FWIW, I think Andrew's originally proposed syntax is fine and useful,
and we should just go with it.
--
Robert Haas
EnterpriseDB: http://www.enterprisedb.com
The Enterprise Postgres Company
On Mon, August 23, 2010 3:20 pm, Heikki Linnakangas wrote:
On 23/08/10 22:06, Tom Lane wrote:
Thom Brown<thom@linux.com> writes:
On 23 August 2010 19:25, Joseph Adams<joeyadams3.14159@gmail.com>
wrote:But what if you want to insert an OID at the end?

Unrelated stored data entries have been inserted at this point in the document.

(* Let $P$ be a closed program (i.e. all free variables of $P$ have region types $\mathrm{Reg}_rA$ in the typing context) which is typable in the affine-intuitionistic type system with regions (i.e. $R;\Gamma\vdash P:\alpha$ for some $R,\Gamma,\alpha$) and such that there is no $P'$ with $P\to P'$. Then $P$ is structurally equivalent to a program $\nu x_1\cdots\nu x_m\,(M_1\mid\cdots\mid M_n\mid S_1\mid\cdots\mid S_p)$ with $m,n,p\ge 0$, where each $S_j$ is a store item and each $M_i$ is either a value or can be uniquely decomposed as $E[\mathsf{get}(y)]$ for an evaluation context $E$ and an address $y$ such that no value is associated with $y$ in the stores $S_1,\dots,S_p$ (i.e. none of them is $(y\leftarrow V)$ or $(y\Leftarrow V)$).
   Context: Syntax. Variables $x,y,\dots$. Values $V ::= * \mid x \mid \lambda x.M \mid\ !V$. Terms $M ::= V \mid MM \mid\ !M \mid \mathsf{let}\ !x = M\ \mathsf{in}\ M \mid \nu x\,M \mid \mathsf{set}(x,V) \mid \mathsf{pset}(x,V) \mid \mathsf{get}(x) \mid (M\mid M)$. Stores $S ::= (x\leftarrow V) \mid (x \Leftarrow V) \mid (S\mid S)$ (volatile resp. persistent store items). Programs $P ::= M \mid S \mid (P\mid P) \mid \nu x\,P$. The binders $\lambda x$, $\nu x$, $\mathsf{let}\ !x$ bind $x$. Evaluation contexts $E ::= [\,] \mid EM \mid VE \mid\ !E \mid \mathsf{let}\ !x = E\ \mathsf{in}\ M$; static contexts $C ::= [\,] \mid (C\mid P)\mid (P\mid C)\mid \nu x\,C$. Structural equivalence $\equiv$ is the least equivalence on programs closed under static contexts and containing $\alpha$-renaming, $P\mid P'\equiv P'\mid P$, $(P\mid P')\mid P''\equiv P\mid(P'\mid P'')$, $(\nu x\,P)\mid P'\equiv \nu x(P\mid P')$ if $x\notin FV(P')$, and $E[\nu x\,M]\equiv \nu x\,E[M]$ if $x\notin FV(E)$. Reduction: $P\to P'$ iff $P\equiv C[\Delta]$ and $P'\equiv C[\Delta']$ for some static context $C$ and basic step $\Delta\to\Delta'$ among: $E[(\lambda x.M)V]\to E[[V/x]M]$; $E[\mathsf{let}\ !x=\,!V\ \mathsf{in}\ M]\to E[[V/x]M]$; $E[\mathsf{set}(x,V)]\to E[*]\mid(x\leftarrow V)$; $E[\mathsf{pset}(x,V)]\to E[*]\mid(x\Leftarrow V)$; $E[\mathsf{get}(x)]\mid(x\leftarrow V)\to E[V]$; $E[\mathsf{get}(x)]\mid(x\Leftarrow\, !V)\to E[!V]\mid(x\Leftarrow\, !V)$. Types. Regions $r,r',\dots$ are each either volatile or persistent. Types $\alpha ::= \mathbf{B}\mid A$, value-types $A ::= \mathbf{1}\mid A\multimap\alpha \mid\ !A\mid \mathrm{Reg}_r A$. Usages: on $\{0,1,\infty\}$ the partial sum $\uplus$ has $a\uplus 0=0\uplus a=a$, $\infty\uplus\infty=\infty$, undefined otherwise. A context is $\Gamma = x_1:(u_1,A_1),\dots,x_n:(u_n,A_n)$ with distinct $x_i$, $u_i\in\{1,\infty\}$. A region usage $U=(v,v')$ (output, input) lies in one of the three sets $\{(\infty,\infty)\}$, $\{(1,\infty),(0,\infty)\}$, $\{(0,0),(1,0),(0,1),(1,1)\}$; $U_1\uplus U_2$ is defined iff both lie in the same set and the componentwise sum is defined. A region context is $R=r_1:(U_1,A_1),\dots,r_n:(U_n,A_n)$ with distinct $r_i$. Sums of contexts and of region contexts are componentwise (domains of region contexts implicitly equalized with neutral usages $(\infty,\infty)$, $(0,\infty)$, $(0,0)$). Well-formedness: $R\vdash$ holds iff every region name occurring in the types of $R$ is in $\mathrm{dom}(R)$ and every occurrence of $\mathrm{Reg}_{r_i}B$ in them has $B=A_i$; $R\vdash\alpha$ iff $R\vdash$ and the same conditions hold for $\alpha$; $R\vdash\Gamma$ iff $R\vdash A$ for all $x:(u,A)\in\Gamma$. $\mathrm{aff}(x:(u,A))$ iff $u=1$; $\mathrm{aff}(r:((v,v'),A))$ iff $1\in\{v,v'\}$ or ($r$ volatile and $v'\neq 0$); $\mathrm{aff}(R;\Gamma)$: some hypothesis satisfies $\mathrm{aff}$; $\mathrm{saff}(R;\Gamma)$: all do. Typing rules for $R;\Gamma\vdash P:\alpha$: (var) $R\vdash\Gamma$, $x:(u,A)\in\Gamma$ gives $R;\Gamma\vdash x:A$. (unit) $R\vdash\Gamma$ gives $R;\Gamma\vdash *:\mathbf{1}$. (abs) $R;\Gamma,x:(1,A)\vdash M:\alpha$ gives $R;\Gamma\vdash\lambda x.M:A\multimap\alpha$. (app) $R_1;\Gamma_1\vdash M:A\multimap\alpha$, $R_2;\Gamma_2\vdash N:A$ give $R_1\uplus R_2;\Gamma_1\uplus\Gamma_2\vdash MN:\alpha$. (prom) $R\uplus R'\vdash\Gamma\uplus\Gamma'$, $\mathrm{saff}(R';\Gamma')$, $R;\Gamma\vdash M:A$, $\neg\mathrm{aff}(R;\Gamma)$ give $R\uplus R';\Gamma\uplus\Gamma'\vdash\, !M:\,!A$. (let) $R_1;\Gamma_1\vdash M:\,!A$, $R_2;\Gamma_2,x:(\infty,A)\vdash N:\alpha$ give $R_1\uplus R_2;\Gamma_1\uplus\Gamma_2\vdash \mathsf{let}\ !x=M\ \mathsf{in}\ N:\alpha$. (new) $R;\Gamma,x:(u,\mathrm{Reg}_rA)\vdash P:\alpha$ gives $R;\Gamma\vdash\nu x\,P:\alpha$. (get) $R\vdash\Gamma$, $x:(u,\mathrm{Reg}_rA)\in\Gamma$, $r:((v,v'),A)\in R$, $v'\neq0$ give $R;\Gamma\vdash\mathsf{get}(x):A$. (set) $\Gamma=x:(u,\mathrm{Reg}_rA)\uplus\Gamma'$, $r$ volatile, $R=r:((v,v'),A)\uplus R'$, $v\neq0$, $R\vdash\Gamma$, $R';\Gamma'\vdash V:A$ give $R;\Gamma\vdash\mathsf{set}(x,V):\mathbf{1}$ and, with the same premises, $R;\Gamma\vdash(x\leftarrow V):\mathbf{B}$. (pset) $\Gamma=x:(u,\mathrm{Reg}_r!A)\uplus\Gamma'$, $r$ persistent, $R=r:((v,v'),!A)\uplus R'$, $v\neq0$, $R\vdash\Gamma$, $R';\Gamma'\vdash V:\,!A$ give $R;\Gamma\vdash\mathsf{pset}(x,V):\mathbf{1}$ and, with the same premises, $R;\Gamma\vdash(x\Leftarrow V):\mathbf{B}$. (par-store) $R_1;\Gamma_1\vdash P:\alpha$, $R_2;\Gamma_2\vdash S:\mathbf{B}$ with $S$ a store give $R_1\uplus R_2;\Gamma_1\uplus\Gamma_2\vdash(P\mid S):\alpha$, likewise $(S\mid P)$. (par) $R_i;\Gamma_i\vdash P_i:\alpha_i$, $P_i$ not a store ($i=1,2$) give $R_1\uplus R_2;\Gamma_1\uplus\Gamma_2\vdash(P_1\mid P_2):\mathbf{B}$. *)

(* Affine-intuitionistic lambda-calculus with regions,
   formalized with de Bruijn indices for the binders lambda x, nu x and
   let !x (so alpha-renaming is syntactic identity). *)
From Stdlib Require Import List Arith PeanoNat Bool.
Import ListNotations.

ALTER TYPE colors ADD 'orange';
Alternatively, if people are dead set on symmetry, what we should do
to simplify is drop *this* syntax, and just have the BEFORE and AFTER
variants.Then you need to know the last existing value to add a new one to the
end. Seems awkward.
I agree. This is a non-starter, I think. The most common case in my
experience is where the user doesn't care at all about the order, and just
wants to add a new label. We should make that as easy as possible,
especially since it's the most efficient.
cheers
andrew
On Aug 23, 2010, at 12:20 PM, Tom Lane wrote:
Josh Berkus <josh@agliodbs.com> writes:
I really don't see the value in making a command substantially less
intuitive in order to avoid a single keyword, unless it affects areas of
Postgres outside of this particular command.It's the three variants to do two things that I find unintuitive.
I strongly suspect that you are in the minority on this one.